主窪み部121は、内壁面121Mを有しており、その内壁面121Mの状態は、特に限定されない。すなわち、内壁面121Mは、平坦部だけを有していてもよいし、湾曲部だけを有していてもよいし、平坦部および湾曲部の双方を有していてもよい。中でも、内壁面121Mは、部分的または全体的に湾曲していることが好ましく、全体的に湾曲していることがより好ましい。後述するように、検知マーク120を検出するために用いられる光(検出用の光)が内壁面121Mにおいて散乱されやすくなるため、その検知マーク120が検出されやすくなるからである。図4では、例えば、内壁面121Mが全体的に湾曲している場合を示している。
主窪み部121の断面形状は、特に限定されないため、矩形でもよし、略半円でもよいし、略円でもよいし、それらのうちの2種類以上が互いに組み合わされた形状でもよいし、それ以外の形状でもよい。中でも、主窪み部121の断面形状は、略半円および略円のうちのいずれかであることが好ましい。検出用の光が内壁面121Mにおいて散乱されやすくなるため、その検知マーク120が検出されやすくなるからである。図4では、例えば、主窪み部121の断面形状が略半円である場合を示している。
主窪み部121の寸法は、特に限定されない。すなわち、主窪み部121の大きさおよび深さなどは、任意に設定可能である。「主窪み部121の大きさ」とは、例えば、上記した長辺の長さおよび短辺の長さなどである。
[補助窪み部]
補助窪み部122は、主窪み部121の内壁面121Mに設けられている小口径の窪みである。この「小口径」とは、補助窪み部122の口径(開口面積)が主助窪み部121の口径よりも相対的に小さいことを意味している。
検知マーク120が主窪み部121と共に補助窪み部122を有しているのは、その検知マーク120が主窪み部121だけを有している場合と比較して、検出用の光が検知マーク120においてより散乱されやすくなるため、その検知マーク120がより検出されやすくなるからである。この検知マーク120がより検知されやすくなる理由の詳細に関しては、後述する。
補助窪み部122の数は、特に限定されないため、1個だけでもよいし、2個以上でもよい。中でも、補助窪み部122の数は、2個以上であることが好ましい。検出用の光が検知マーク120においてより散乱されやすくなるため、その検知マーク120がより検出されやすくなるからである。図4では、例えば、補助窪み部122の数が2個以上である場合を示している。

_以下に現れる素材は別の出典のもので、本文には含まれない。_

(* Let $G=(V,E)$ be an undirected graph with $m$ edges, positive capacities $u_e$, and maximum $s$-$t$ flow value $F^*$. Let $0<\epsilon<1/2$, let $w\in\mathbb{R}^E$ with $w_e>0$ for all $e$, write $|w|_1=\sum_e w_e$, and set $r_e=\frac{1}{u_e^2}\big(w_e+\frac{\epsilon|w|_1}{3m}\big)$. Then: (1) If $0<F\le F^*$ and $\tilde f$ is an $s$-$t$ flow of value $F$ with $\mathcal{E}_r(\tilde f)\le(1+\epsilon/3)\mathcal{E}_r(f)$, where $f$ is the electrical $s$-$t$ flow of value $F$ with respect to $r$, then $\mathcal{E}_r(\tilde f)\le(1+\epsilon)|w|_1$. (2) Every $s$-$t$ flow $g$ with $\mathcal{E}_r(g)\le(1+\epsilon)|w|_1$ satisfies $\sum_e w_e\,\mathrm{cong}_g(e)\le(1+\epsilon)|w|_1$ and $\max_e\mathrm{cong}_g(e)\le 3\sqrt{m/\epsilon}$.
   Context: Edges are arbitrarily oriented; an $s$-$t$ flow is $f:E\to\mathbb{R}$ conserving flow at all vertices other than $s,t$, with value the net flow out of $s$. $F^*$ is the maximum value of an $s$-$t$ flow with $|f(e)|\le u_e$ for all $e$. $\mathrm{cong}_f(e)=|f(e)|/u_e$. The energy is $\mathcal{E}_r(f)=\sum_e r_e f(e)^2$, and the electrical $s$-$t$ flow of value $F$ is the $s$-$t$ flow of value $F$ minimizing $\mathcal{E}_r$. *)

(* R is an arbitrary real closed field (needed for Num.sqrt). *)
From HB Require Import structures.
From mathcomp Require Import all_boot all_order all_algebra.
Set Implicit Arguments. Unset Strict Implicit. Unset Printing Implicit Defensive.
Import Order.TTheory GRing.Theory Num.Theory.
Local Open Scope ring_scope.

(* A graph on vertex type V with edge type E; each edge e has an arbitrary
   orientation src e -> dst e (the graph is undirected; multi-edges allowed). *)
Section Flows.
Variables (R : rcfType) (V E : finType) (src dst : E -> V).

Definition net_out (f : E -> R) (v : V) : R :=
  \sum_(e | src e == v) f e - \sum_(e | dst e == v) f e.

Definition is_st_flow (s t : V) (f : E -> R) : Prop :=
  forall v, v != s -> v != t -> net_out f v = 0.

Definition flow_value (s : V) (f : E -> R) : R := net_out f s.

Definition feasible (u : E -> R) (f : E -> R) : Prop :=
  forall e, `|f e| <= u e.

Definition is_max_flow_value (u : E -> R) (s t : V) (Fstar : R) : Prop :=
  (exists f, is_st_flow s t f /\ feasible u f /\ flow_value s f = Fstar) /\
  (forall f, is_st_flow s t f -> feasible u f -> flow_value s f <= Fstar).

Definition cong (u : E -> R) (f : E -> R) (e : E) : R := `|f e| / u e.

Definition energy (r : E -> R) (f : E -> R) : R := \sum_e r e * f e ^+ 2.

Definition is_electrical_flow (r : E -> R) (s t : V) (F : R) (f : E -> R) : Prop :=
  is_st_flow s t f /\ flow_value s f = F /\
  (forall g, is_st_flow s t g -> flow_value s g = F -> energy r f <= energy r g).

End Flows.

From HB Require Import structures.
From mathcomp Require Import all_boot all_order all_algebra.
From mathcomp Require Import ring lra.
Set Implicit Arguments. Unset Strict Implicit. Unset Printing Implicit Defensive.
Import Order.TTheory GRing.Theory Num.Theory.
Local Open Scope ring_scope.

(* Scaling a maximum flow down to value F gives a feasible flow of value F, so
   the electrical flow of value F has energy at most sum_e r_e u_e^2, which the
   choice of r makes (1 + eps/3)|w|_1; a (1 + eps/3)-approximate flow therefore
   has energy at most (1 + eps/3)^2 |w|_1 <= (1 + eps)|w|_1.  Conversely
   r_e g_e^2 = (w_e + eps|w|_1/(3m)) cong_g(e)^2, so a flow of small energy has
   small weighted squared congestion: AM-GM bounds the weighted congestion, and
   the uniform part eps|w|_1/(3m) of r bounds every single congestion. *)

Section ElectricalFlows.
Variables (R : rcfType) (V E : finType) (src dst : E -> V).
Implicit Types (r u f g : E -> R) (s t : V).

Lemma net_outZ (k : R) f v :
  net_out src dst (fun e => k * f e) v = k * net_out src dst f v.
Proof. by rewrite /net_out mulrBr !mulr_sumr. Qed.

Lemma st_flowZ s t (k : R) f :
  is_st_flow src dst s t f -> is_st_flow src dst s t (fun e => k * f e).
Proof. by move=> f_flow v vs vt; rewrite net_outZ f_flow // mulr0. Qed.

Lemma flow_valueZ s (k : R) f :
  flow_value src dst s (fun e => k * f e) = k * flow_value src dst s f.
Proof. exact: net_outZ. Qed.

Lemma feasibleZ u (k : R) f :
  0 <= k <= 1 -> feasible u f -> feasible u (fun e => k * f e).
Proof.
case/andP=> k_ge0 k_le1 f_feas e; rewrite normrM ger0_norm //.
by rewrite (le_trans _ (f_feas e)) // ler_piMl.
Qed.

Lemma feasible_flow_of_value u s t Fstar (F : R) :
  is_max_flow_value src dst u s t Fstar -> 0 < F <= Fstar ->
  exists g, [/\ is_st_flow src dst s t g, feasible u g & flow_value src dst s g = F].
Proof.
move=> [[f [f_flow [f_feas f_val]]] _] /andP[F_gt0 F_le].
have Fstar_gt0 : 0 < Fstar := lt_le_trans F_gt0 F_le.
exists (fun e => F / Fstar * f e); split.
- exact: st_flowZ.
- apply: feasibleZ => //; apply/andP; split; first by rewrite divr_ge0 ?ltW.
  by rewrite ler_pdivrMr // mul1r.
- by rewrite (flow_valueZ s _ f) f_val divfK // gt_eqF.
Qed.

Lemma energy_feasible_le r u f :
  (forall e, 0 <= r e) -> feasible u f -> energy r f <= \sum_e r e * u e ^+ 2.
Proof.
move=> r_ge0 f_feas; apply: ler_sum => e _; rewrite ler_wpM2l //.
rewrite -real_normK ?num_real // -[u e ^+ 2]real_normK ?num_real //.
by rewrite lerXn2r ?nnegrE ?normr_ge0 // (le_trans (f_feas e)) ?ler_norm.
Qed.

Lemma electrical_energy_le r u s t Fstar (F : R) f :
  (forall e, 0 <= r e) -> is_max_flow_value src dst u s t Fstar ->
  0 < F <= Fstar -> is_electrical_flow src dst r s t F f ->
  energy r f <= \sum_e r e * u e ^+ 2.
Proof.
move=> r_ge0 maxF F_range [_ [_ f_min]].
have [g [g_flow g_feas g_val]] := feasible_flow_of_value maxF F_range.
exact: le_trans (f_min g g_flow g_val) (energy_feasible_le r_ge0 g_feas).
Qed.

Lemma cong_ge0 u f e : 0 <= u e -> 0 <= cong u f e.
Proof. by move=> ue_ge0; rewrite divr_ge0. Qed.

Lemma energy_cong r u f :
  (forall e, u e != 0) -> energy r f = \sum_e r e * u e ^+ 2 * cong u f e ^+ 2.
Proof.
move=> u_neq0; apply: eq_bigr => e _.
rewrite /cong expr_div_n real_normK ?num_real //; field; exact: u_neq0.
Qed.

End ElectricalFlows.

Lemma sqr1D_le (R : realFieldType) (x : R) :
  0 <= x -> x <= 1 -> (1 + x) ^+ 2 <= 1 + 3 * x.
Proof.
move=> x_ge0 x_le1; have x1_ge0 : 0 <= 1 - x by rewrite subr_ge0.
have := mulr_ge0 x_ge0 x1_ge0; nra.
Qed.

Lemma le_approx_trans (R : realFieldType) (x a b c : R) :
  0 <= x -> x <= 1 -> 0 <= c ->
  a <= (1 + x) * b -> b <= (1 + x) * c -> a <= (1 + 3 * x) * c.
Proof.
move=> x_ge0 x_le1 c_ge0 ab bc; apply: (le_trans ab).
apply: (le_trans (y := (1 + x) ^+ 2 * c)); last by rewrite ler_wpM2r ?sqr1D_le.
by rewrite expr2 -mulrA ler_wpM2l //; lra.
Qed.

Section WeightedSums.
Variables (R : realFieldType) (I : finType) (w : I -> R).
Hypothesis w_ge0 : forall i, 0 <= w i.

(* Also true for empty [I], where the division by [#|I| = 0] yields [0]. *)
Lemma sum_uniform_share (eps : R) :
  \sum_i (w i + eps * (\sum_j w j) / (3 * #|I|%:R)) = (1 + eps / 3) * \sum_j w j.
Proof.
rewrite big_split /= sumr_const.
have [I0 | I_gt0] := posnP #|I|.
  rewrite I0 mulr0n addr0 big_pred0 ?mulr0 // => i.
  by have := card0_eq I0 i; rewrite !inE.
rewrite -[_ *+ _]mulr_natr -/#|I|; field.
by rewrite pnatr_eq0 -lt0n.
Qed.

Lemma weighted_sum_le_sqr (c : I -> R) :
  (\sum_i w i * c i) *+ 2 <= \sum_i w i + \sum_i w i * c i ^+ 2.
Proof.
rewrite -sumrMnl -big_split /=; apply: ler_sum => i _.
have := mulr_ge0 (w_ge0 i) (sqr_ge0 (c i - 1)); nra.
Qed.

Lemma weighted_sum_le_of_sqr (a k : R) (c : I -> R) :
  0 <= a -> 1 <= k -> \sum_i (w i + a) * c i ^+ 2 <= k * \sum_i w i ->
  \sum_i w i * c i <= k * \sum_i w i.
Proof.
move=> a_ge0 k_ge1 c_sqr.
have w_c_sqr : \sum_i w i * c i ^+ 2 <= \sum_i (w i + a) * c i ^+ 2.
  by apply: ler_sum => i _; rewrite ler_wpM2r ?sqr_ge0 ?lerDl.
have W_ge0 : 0 <= \sum_i w i by apply: sumr_ge0.
have k1_ge0 : 0 <= k - 1 by rewrite subr_ge0.
have := weighted_sum_le_sqr c; have := mulr_ge0 k1_ge0 W_ge0.
rewrite mulr2n; lra.
Qed.

Lemma uniform_term_le (a K : R) (c : I -> R) j :
  0 <= a -> \sum_i (w i + a) * c i ^+ 2 <= K -> a * c j ^+ 2 <= K.
Proof.
move=> a_ge0; apply: le_trans.
apply: (le_trans (y := (w j + a) * c j ^+ 2)); first by rewrite ler_wpM2r ?sqr_ge0 ?lerDr.
rewrite (bigD1 j) //= lerDl sumr_ge0 // => i _.
by rewrite mulr_ge0 ?sqr_ge0 ?addr_ge0.
Qed.

End WeightedSums.

Lemma ler_mul_sqrt (R : rcfType) (c k x : R) :
  0 <= c -> 0 <= k -> 0 <= x -> c ^+ 2 <= k ^+ 2 * x -> c <= k * Num.sqrt x.
Proof.
move=> c_ge0 k_ge0 x_ge0 c2_le.
rewrite -ler_sqr ?nnegrE ?mulr_ge0 ?sqrtr_ge0 //.
by rewrite exprMn sqr_sqrtr.
Qed.

Theorem mainTheorem9 (R : rcfType) (V E : finType) (src dst : E -> V)
  (s t : V) (u w : E -> R) (Fstar eps : R) :
  s != t ->
  (forall e, 0 < u e) ->
  is_max_flow_value src dst u s t Fstar ->
  0 < eps -> eps < 1 / 2 ->
  (forall e, 0 < w e) ->
  let m := #|E| in
  let w1 := \sum_e w e in
  let r := fun e => (w e + eps * w1 / (3 * m%:R)) / (u e ^+ 2) in
  (forall (F : R) (f ft : E -> R),
      0 < F -> F <= Fstar ->
      is_electrical_flow src dst r s t F f ->
      is_st_flow src dst s t ft -> flow_value src dst s ft = F ->
      energy r ft <= (1 + eps / 3) * energy r f ->
      energy r ft <= (1 + eps) * w1)
  /\
  (forall g : E -> R,
      is_st_flow src dst s t g ->
      energy r g <= (1 + eps) * w1 ->
      \sum_e w e * cong u g e <= (1 + eps) * w1 /\
      \big[Num.max/0]_e cong u g e <= 3 * Num.sqrt (m%:R / eps)).
Proof.
move=> _ u_gt0 maxF eps_gt0 eps_lt w_gt0 m w1 r.
set a := eps * w1 / (3 * m%:R).
have w_ge0 e : 0 <= w e := ltW (w_gt0 e).
have a_ge0 : 0 <= a by rewrite /a divr_ge0 ?mulr_ge0 ?sumr_ge0 ?ler0n // ltW.
have ru e : r e * u e ^+ 2 = w e + a by rewrite divfK // expf_neq0 // gt_eqF.
have r_ge0 e : 0 <= r e by rewrite divr_ge0 ?sqr_ge0 ?addr_ge0.
have w1_ge0 : 0 <= w1 by apply: sumr_ge0.
split=> [F f ft F_gt0 F_le f_el _ _ ft_approx | g _ g_energy].
  have F_range : 0 < F <= Fstar by apply/andP.
  have f_energy : energy r f <= (1 + eps / 3) * w1.
    apply: le_trans (electrical_energy_le r_ge0 maxF F_range f_el) _.
    by under eq_bigr do rewrite ru; rewrite /a sum_uniform_share.
  have := le_approx_trans _ _ w1_ge0 ft_approx f_energy.
  by rewrite [3 * _]mulrC divfK ?pnatr_eq0 //; apply; lra.
have cong_energy : \sum_e (w e + a) * cong u g e ^+ 2 <= (1 + eps) * w1.
  by under eq_bigr do rewrite -ru; rewrite -energy_cong // => e; rewrite gt_eqF.
split; first by apply: weighted_sum_le_of_sqr cong_energy => //; lra.
apply: bigmax_le => [|e _]; first by rewrite mulr_ge0 ?sqrtr_ge0.
have m_gt0 : 0 < m%:R :> R by rewrite ltr0n; apply/card_gt0P; exists e.
have w1_gt0 : 0 < w1 by rewrite /w1 (bigD1 e) //= ltr_pwDl ?sumr_ge0.
apply: ler_mul_sqrt => //; first exact: cong_ge0 (ltW (u_gt0 e)).
  by rewrite divr_ge0 // ltW.
have := uniform_term_le w_ge0 e a_ge0 cong_energy.
rewrite /a mulrAC ler_pdivrMr ?mulr_gt0 // => term_le.
rewrite mulrA ler_pdivlMr // -(ler_pM2r w1_gt0).
have eps2_ge0 : 0 <= 2 - eps by lra.
have := mulr_ge0 eps2_ge0 (mulr_ge0 (ltW m_gt0) w1_ge0); lra.
Qed.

確認までに説明しておくと、図4から明らかなように、ここでは、主窪み部121の内壁面121Mに2個以上の補助窪み部122が設けられているため、当然ながら、各補助窪み部122の口径は、主窪み部121の口径よりも小さくなる。
補助窪み部122は、内壁面122Mを有しており、その補助窪み部122の内壁面122Mの状態は、特に限定されない。すなわち、内壁面122Mは、平坦部だけを有していてもよいし、湾曲部だけを有していてもよいし、平坦部および湾曲部の双方を有していてもよい。中でも、内壁面122Mは、部分的または全体的に湾曲していることが好ましく、全体的に湾曲していることがより好ましい。後述するように、検出用の光が内壁面122Mにおいて散乱されやすくなるため、その検知マーク120が検出されやすくなるからである。図4では、例えば、内壁面122Mが全体的に湾曲している場合を示している。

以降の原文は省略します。